» WHAT THE TASK REQUIRES:
Given the entries that follow, write out exactly the lines starting at the one containing "Definition pad (n" and ending at the one containing "Definition hardmax (s", both ends included, and only those.

» AVAILABLE RECORDS:

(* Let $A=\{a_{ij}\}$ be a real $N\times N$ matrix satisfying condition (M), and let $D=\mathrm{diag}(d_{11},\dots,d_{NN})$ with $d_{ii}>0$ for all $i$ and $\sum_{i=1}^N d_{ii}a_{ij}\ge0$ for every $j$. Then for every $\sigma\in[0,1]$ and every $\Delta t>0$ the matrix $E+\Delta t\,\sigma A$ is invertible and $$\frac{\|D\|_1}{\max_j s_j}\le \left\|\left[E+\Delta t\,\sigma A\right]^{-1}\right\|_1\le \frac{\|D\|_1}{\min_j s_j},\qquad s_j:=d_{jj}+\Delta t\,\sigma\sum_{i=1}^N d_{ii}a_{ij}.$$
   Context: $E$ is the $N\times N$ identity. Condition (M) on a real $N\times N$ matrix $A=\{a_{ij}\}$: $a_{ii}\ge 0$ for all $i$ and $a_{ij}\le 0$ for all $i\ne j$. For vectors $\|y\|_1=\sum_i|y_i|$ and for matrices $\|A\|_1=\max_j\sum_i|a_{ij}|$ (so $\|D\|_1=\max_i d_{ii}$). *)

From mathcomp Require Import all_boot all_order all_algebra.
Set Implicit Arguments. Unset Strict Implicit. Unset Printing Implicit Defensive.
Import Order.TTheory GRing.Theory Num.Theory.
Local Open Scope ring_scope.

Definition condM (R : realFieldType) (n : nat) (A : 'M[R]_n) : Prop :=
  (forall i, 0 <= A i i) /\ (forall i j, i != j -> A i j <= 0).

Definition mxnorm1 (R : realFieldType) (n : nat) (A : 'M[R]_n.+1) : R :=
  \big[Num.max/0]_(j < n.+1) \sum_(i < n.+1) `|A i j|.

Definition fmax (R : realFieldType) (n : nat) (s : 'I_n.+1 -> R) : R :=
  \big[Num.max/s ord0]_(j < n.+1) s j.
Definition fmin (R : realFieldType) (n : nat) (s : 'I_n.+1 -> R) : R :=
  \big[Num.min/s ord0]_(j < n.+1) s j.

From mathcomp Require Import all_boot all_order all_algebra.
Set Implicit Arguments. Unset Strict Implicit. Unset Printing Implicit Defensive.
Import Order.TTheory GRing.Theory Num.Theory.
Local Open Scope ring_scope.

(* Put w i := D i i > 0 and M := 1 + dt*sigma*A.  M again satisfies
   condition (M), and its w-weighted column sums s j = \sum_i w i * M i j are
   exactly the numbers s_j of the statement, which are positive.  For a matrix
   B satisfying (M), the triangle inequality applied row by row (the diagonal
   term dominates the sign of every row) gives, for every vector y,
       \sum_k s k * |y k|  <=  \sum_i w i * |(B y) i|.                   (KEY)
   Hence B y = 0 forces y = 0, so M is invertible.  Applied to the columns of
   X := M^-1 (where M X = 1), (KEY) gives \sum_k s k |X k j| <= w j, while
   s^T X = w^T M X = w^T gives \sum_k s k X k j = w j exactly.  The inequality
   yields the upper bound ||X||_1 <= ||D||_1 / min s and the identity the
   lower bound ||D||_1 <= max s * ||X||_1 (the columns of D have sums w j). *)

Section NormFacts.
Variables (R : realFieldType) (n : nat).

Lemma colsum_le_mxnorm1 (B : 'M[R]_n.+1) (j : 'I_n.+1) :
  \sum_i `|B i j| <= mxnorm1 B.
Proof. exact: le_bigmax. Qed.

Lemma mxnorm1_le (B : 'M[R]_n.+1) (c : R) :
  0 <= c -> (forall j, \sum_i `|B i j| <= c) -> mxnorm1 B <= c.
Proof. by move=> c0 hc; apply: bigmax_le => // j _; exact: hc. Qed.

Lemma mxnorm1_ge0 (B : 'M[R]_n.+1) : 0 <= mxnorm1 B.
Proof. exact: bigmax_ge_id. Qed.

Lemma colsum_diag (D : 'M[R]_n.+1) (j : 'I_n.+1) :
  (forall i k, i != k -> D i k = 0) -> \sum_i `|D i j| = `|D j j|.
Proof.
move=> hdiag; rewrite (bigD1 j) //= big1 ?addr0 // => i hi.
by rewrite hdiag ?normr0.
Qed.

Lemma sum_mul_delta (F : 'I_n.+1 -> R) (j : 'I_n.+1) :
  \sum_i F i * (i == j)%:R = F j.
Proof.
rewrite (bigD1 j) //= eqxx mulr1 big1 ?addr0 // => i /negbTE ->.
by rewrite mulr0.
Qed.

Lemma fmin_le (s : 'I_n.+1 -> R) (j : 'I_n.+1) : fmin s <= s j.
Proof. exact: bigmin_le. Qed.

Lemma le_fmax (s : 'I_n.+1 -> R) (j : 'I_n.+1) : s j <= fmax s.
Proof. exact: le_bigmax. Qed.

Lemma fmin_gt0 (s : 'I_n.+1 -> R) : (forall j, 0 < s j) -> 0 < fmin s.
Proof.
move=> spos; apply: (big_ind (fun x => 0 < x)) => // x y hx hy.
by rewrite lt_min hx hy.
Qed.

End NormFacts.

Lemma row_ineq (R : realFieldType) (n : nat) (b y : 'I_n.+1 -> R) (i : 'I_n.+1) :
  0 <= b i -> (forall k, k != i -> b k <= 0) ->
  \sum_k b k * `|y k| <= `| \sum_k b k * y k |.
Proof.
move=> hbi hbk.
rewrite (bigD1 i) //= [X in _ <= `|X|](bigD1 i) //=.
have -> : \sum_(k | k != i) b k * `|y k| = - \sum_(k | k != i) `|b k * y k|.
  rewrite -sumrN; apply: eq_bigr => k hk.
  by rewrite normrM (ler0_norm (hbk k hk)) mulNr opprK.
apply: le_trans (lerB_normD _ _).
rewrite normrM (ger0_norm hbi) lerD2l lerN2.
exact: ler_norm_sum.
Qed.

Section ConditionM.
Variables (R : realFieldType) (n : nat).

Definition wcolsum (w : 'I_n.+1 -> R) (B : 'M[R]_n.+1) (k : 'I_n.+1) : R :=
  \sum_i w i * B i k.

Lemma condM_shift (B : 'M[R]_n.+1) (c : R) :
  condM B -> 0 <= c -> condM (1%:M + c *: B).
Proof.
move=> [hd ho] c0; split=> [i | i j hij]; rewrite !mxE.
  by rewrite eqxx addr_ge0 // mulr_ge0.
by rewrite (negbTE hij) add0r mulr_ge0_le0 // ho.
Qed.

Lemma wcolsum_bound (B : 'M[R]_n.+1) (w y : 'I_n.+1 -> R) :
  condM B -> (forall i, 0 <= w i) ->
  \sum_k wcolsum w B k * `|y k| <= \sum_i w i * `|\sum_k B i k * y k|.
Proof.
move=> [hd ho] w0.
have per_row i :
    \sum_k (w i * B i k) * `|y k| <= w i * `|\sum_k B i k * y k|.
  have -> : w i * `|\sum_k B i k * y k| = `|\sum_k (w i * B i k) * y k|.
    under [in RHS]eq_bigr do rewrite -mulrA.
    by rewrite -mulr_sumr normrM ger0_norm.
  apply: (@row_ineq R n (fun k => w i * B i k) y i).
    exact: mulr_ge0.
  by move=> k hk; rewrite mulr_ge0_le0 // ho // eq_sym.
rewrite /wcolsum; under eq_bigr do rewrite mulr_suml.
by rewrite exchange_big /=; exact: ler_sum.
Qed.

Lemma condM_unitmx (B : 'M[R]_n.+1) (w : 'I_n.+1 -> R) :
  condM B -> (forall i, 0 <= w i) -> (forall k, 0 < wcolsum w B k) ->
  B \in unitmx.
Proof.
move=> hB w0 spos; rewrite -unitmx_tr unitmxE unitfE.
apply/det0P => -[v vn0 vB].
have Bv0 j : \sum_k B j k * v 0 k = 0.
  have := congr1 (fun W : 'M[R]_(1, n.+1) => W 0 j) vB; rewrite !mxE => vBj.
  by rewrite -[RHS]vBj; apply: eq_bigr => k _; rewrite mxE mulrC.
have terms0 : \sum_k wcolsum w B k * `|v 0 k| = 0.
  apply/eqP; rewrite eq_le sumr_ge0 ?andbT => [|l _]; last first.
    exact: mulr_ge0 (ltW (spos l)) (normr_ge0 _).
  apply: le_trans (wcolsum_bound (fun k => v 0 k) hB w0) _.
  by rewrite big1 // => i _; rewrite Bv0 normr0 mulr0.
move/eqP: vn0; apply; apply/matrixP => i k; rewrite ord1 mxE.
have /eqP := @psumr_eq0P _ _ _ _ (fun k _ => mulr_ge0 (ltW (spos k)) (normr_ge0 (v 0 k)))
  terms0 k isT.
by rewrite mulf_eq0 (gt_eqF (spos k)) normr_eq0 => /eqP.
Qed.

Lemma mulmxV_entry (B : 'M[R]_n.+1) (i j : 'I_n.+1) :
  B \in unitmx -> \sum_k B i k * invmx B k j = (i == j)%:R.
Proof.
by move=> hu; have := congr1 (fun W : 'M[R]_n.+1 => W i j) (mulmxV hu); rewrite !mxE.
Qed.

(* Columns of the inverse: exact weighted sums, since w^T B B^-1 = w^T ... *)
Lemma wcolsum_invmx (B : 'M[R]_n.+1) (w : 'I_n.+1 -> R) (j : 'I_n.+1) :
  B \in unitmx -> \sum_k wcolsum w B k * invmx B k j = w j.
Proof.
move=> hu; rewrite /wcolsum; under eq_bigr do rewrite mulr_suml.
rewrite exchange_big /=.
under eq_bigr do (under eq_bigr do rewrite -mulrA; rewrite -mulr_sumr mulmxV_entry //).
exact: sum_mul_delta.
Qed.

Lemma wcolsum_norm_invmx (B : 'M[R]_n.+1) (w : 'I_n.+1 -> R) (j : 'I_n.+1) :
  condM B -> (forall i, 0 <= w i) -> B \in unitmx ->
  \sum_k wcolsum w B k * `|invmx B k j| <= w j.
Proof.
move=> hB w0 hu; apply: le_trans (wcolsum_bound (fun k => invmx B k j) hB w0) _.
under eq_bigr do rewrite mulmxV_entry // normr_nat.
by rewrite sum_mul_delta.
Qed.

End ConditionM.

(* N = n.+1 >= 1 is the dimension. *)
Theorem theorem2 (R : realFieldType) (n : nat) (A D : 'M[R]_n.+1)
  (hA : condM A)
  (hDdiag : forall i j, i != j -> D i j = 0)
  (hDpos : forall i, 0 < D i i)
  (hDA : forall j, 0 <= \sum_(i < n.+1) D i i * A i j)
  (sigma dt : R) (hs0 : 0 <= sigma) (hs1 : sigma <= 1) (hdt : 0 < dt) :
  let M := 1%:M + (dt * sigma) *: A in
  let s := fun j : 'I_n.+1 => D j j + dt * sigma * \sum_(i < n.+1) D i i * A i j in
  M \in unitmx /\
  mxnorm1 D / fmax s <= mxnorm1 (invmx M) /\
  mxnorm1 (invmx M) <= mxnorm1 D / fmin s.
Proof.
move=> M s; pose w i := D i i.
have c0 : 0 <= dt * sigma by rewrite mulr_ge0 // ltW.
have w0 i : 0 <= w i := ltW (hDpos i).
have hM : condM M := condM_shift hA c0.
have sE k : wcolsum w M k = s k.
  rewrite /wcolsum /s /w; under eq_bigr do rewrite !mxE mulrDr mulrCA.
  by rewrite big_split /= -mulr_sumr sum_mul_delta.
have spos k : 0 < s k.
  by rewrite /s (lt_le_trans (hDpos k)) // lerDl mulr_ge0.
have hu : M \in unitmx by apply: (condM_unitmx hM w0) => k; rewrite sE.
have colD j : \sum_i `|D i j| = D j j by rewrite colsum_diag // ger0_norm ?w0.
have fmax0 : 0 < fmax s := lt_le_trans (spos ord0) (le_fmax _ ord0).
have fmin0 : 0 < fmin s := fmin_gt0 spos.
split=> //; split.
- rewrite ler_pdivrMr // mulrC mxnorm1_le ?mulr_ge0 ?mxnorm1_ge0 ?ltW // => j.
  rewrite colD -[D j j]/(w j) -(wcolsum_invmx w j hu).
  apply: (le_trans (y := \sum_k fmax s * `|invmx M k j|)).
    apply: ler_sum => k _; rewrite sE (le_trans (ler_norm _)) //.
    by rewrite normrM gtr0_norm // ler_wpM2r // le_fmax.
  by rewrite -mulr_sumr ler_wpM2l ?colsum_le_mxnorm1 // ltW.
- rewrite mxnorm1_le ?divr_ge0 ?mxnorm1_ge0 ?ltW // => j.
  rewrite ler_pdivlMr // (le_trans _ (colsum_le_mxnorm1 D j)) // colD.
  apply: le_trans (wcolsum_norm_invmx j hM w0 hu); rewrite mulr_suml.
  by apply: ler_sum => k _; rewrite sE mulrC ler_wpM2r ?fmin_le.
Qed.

...

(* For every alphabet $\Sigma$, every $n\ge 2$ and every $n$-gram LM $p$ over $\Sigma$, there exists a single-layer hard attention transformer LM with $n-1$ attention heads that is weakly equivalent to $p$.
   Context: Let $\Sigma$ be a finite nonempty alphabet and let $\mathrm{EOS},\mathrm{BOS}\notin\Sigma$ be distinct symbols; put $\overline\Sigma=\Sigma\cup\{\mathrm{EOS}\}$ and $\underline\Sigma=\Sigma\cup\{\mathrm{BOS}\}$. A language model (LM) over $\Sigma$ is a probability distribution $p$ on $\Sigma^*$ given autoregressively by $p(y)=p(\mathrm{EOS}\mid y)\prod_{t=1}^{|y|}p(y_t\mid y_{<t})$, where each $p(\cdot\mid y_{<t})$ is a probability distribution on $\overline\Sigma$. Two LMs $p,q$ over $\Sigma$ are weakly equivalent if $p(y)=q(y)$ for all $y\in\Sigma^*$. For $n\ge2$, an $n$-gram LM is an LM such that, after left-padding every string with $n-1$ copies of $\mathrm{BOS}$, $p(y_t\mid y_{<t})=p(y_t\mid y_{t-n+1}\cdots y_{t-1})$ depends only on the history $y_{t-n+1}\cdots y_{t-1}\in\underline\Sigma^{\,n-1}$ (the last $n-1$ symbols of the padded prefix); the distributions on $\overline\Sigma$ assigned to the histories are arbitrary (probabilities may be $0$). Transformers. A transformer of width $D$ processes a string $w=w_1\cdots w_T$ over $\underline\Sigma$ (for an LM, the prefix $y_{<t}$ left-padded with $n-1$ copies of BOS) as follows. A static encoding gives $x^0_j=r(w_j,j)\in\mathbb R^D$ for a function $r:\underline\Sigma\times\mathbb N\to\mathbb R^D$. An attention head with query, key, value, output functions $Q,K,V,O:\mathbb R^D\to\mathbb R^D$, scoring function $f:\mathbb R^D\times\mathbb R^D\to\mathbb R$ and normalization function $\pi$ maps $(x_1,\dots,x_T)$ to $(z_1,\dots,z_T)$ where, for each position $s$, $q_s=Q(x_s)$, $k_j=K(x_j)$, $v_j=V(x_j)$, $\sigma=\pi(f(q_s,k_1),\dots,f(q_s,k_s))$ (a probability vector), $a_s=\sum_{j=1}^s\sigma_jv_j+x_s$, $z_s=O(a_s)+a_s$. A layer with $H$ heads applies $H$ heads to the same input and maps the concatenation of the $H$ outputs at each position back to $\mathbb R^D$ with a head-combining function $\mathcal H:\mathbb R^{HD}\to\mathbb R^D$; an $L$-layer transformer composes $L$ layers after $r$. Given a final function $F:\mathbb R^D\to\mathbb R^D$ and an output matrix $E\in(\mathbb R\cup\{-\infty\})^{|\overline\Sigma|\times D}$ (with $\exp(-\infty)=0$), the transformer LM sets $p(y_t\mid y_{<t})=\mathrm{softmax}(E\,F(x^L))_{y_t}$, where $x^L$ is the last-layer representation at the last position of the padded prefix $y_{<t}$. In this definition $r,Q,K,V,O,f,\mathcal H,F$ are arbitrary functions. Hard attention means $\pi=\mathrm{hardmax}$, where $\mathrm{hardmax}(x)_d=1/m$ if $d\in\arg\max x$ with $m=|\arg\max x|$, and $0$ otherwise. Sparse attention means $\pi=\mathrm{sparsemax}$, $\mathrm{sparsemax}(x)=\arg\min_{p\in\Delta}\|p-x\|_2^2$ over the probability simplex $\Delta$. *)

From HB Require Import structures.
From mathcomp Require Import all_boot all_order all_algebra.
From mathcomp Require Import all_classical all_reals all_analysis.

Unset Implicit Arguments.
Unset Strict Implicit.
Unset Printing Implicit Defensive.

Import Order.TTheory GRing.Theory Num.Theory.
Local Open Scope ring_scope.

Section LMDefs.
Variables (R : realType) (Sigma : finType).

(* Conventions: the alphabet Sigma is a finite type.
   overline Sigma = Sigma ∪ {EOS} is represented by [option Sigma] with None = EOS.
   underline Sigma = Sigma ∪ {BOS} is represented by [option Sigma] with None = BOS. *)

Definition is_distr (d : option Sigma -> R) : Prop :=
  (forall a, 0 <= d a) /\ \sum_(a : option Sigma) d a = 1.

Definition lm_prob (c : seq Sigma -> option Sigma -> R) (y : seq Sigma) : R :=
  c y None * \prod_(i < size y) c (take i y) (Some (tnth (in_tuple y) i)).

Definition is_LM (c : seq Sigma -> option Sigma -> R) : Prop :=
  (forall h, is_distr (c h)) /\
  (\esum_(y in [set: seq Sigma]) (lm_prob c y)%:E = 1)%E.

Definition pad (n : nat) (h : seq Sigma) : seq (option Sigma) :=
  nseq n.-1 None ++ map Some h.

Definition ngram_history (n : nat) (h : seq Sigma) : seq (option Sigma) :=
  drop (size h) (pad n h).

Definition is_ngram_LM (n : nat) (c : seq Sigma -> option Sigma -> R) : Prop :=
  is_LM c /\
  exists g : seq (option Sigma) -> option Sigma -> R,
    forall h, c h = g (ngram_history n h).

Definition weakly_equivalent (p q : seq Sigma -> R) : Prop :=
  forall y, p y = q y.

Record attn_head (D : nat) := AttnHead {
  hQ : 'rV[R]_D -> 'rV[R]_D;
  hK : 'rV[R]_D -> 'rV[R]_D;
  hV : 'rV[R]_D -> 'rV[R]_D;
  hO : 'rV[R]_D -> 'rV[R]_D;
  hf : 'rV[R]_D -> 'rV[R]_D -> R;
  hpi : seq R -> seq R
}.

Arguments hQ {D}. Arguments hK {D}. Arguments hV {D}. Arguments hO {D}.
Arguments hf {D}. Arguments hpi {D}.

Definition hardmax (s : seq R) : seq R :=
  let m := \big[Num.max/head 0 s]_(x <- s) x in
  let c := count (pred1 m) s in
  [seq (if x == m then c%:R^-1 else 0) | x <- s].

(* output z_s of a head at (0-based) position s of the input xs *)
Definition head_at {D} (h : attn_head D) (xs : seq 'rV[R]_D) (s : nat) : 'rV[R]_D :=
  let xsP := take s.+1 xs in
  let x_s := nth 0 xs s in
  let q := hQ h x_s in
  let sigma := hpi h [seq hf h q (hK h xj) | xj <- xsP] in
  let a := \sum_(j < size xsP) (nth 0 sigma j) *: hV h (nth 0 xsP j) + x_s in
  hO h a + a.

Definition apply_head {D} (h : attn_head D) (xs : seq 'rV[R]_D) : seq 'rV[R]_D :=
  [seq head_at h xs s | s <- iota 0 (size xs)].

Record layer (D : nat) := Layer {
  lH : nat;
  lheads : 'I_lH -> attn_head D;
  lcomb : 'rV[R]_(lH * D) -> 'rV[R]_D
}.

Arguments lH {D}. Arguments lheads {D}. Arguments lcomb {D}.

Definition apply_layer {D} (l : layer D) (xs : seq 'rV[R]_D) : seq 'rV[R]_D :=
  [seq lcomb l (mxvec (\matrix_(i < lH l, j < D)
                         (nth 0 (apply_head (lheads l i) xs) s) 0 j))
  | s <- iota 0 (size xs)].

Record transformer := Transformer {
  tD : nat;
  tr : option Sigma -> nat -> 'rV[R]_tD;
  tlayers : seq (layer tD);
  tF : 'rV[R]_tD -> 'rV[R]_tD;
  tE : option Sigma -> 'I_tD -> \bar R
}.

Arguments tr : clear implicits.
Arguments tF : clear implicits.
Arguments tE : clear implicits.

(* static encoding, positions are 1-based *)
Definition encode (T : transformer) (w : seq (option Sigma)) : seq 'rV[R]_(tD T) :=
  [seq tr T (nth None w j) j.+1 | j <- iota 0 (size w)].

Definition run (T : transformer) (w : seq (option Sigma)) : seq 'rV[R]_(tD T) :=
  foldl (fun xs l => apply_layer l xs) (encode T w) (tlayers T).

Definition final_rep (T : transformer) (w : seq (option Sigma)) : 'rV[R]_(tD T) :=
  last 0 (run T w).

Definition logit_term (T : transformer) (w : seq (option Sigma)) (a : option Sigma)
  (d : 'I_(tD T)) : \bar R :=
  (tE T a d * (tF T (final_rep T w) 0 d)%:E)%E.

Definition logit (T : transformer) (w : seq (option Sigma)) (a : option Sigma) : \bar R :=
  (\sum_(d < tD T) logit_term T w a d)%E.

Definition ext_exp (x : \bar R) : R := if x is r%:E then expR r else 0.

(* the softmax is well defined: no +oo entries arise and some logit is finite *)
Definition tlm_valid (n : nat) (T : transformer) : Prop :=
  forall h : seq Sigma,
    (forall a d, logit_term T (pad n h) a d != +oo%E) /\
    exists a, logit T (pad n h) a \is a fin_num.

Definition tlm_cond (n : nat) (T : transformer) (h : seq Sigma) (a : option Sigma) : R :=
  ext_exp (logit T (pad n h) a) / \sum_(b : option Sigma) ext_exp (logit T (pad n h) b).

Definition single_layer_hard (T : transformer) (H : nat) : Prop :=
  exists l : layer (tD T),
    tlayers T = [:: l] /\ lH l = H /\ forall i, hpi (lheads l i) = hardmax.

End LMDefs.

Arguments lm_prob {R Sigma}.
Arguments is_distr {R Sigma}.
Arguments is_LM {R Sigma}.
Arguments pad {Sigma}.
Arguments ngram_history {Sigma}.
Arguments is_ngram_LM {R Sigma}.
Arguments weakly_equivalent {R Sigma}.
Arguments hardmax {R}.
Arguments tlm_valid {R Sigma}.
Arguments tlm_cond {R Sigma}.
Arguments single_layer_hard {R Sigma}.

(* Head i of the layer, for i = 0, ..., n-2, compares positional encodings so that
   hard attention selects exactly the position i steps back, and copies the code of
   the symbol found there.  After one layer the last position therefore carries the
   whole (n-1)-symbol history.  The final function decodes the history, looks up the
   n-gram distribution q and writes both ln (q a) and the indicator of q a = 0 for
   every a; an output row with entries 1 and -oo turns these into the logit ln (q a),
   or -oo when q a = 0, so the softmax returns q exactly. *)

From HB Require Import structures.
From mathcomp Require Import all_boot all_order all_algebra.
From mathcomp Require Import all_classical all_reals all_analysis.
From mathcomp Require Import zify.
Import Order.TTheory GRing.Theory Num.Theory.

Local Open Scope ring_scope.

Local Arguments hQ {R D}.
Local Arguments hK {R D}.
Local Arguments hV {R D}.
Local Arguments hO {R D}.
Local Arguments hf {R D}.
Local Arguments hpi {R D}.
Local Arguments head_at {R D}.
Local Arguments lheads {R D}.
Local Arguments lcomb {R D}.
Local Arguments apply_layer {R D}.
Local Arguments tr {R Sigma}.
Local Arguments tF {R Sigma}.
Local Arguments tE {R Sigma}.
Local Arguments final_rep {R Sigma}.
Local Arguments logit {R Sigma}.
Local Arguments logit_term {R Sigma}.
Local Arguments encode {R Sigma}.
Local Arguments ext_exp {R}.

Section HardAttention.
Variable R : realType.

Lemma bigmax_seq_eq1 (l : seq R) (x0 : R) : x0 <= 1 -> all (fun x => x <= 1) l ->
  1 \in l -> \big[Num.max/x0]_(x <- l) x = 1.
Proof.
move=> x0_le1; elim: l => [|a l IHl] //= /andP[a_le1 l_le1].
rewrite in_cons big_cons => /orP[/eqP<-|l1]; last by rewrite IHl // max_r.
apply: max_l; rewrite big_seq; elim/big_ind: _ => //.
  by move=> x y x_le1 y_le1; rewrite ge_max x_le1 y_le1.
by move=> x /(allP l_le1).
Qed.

» EXERCISE SOLUTION:
Definition pad (n : nat) (h : seq Sigma) : seq (option Sigma) :=
  nseq n.-1 None ++ map Some h.

Definition ngram_history (n : nat) (h : seq Sigma) : seq (option Sigma) :=
  drop (size h) (pad n h).

Definition is_ngram_LM (n : nat) (c : seq Sigma -> option Sigma -> R) : Prop :=
  is_LM c /\
  exists g : seq (option Sigma) -> option Sigma -> R,
    forall h, c h = g (ngram_history n h).

Definition weakly_equivalent (p q : seq Sigma -> R) : Prop :=
  forall y, p y = q y.

Record attn_head (D : nat) := AttnHead {
  hQ : 'rV[R]_D -> 'rV[R]_D;
  hK : 'rV[R]_D -> 'rV[R]_D;
  hV : 'rV[R]_D -> 'rV[R]_D;
  hO : 'rV[R]_D -> 'rV[R]_D;
  hf : 'rV[R]_D -> 'rV[R]_D -> R;
  hpi : seq R -> seq R
}.

Arguments hQ {D}. Arguments hK {D}. Arguments hV {D}. Arguments hO {D}.
Arguments hf {D}. Arguments hpi {D}.

Definition hardmax (s : seq R) : seq R :=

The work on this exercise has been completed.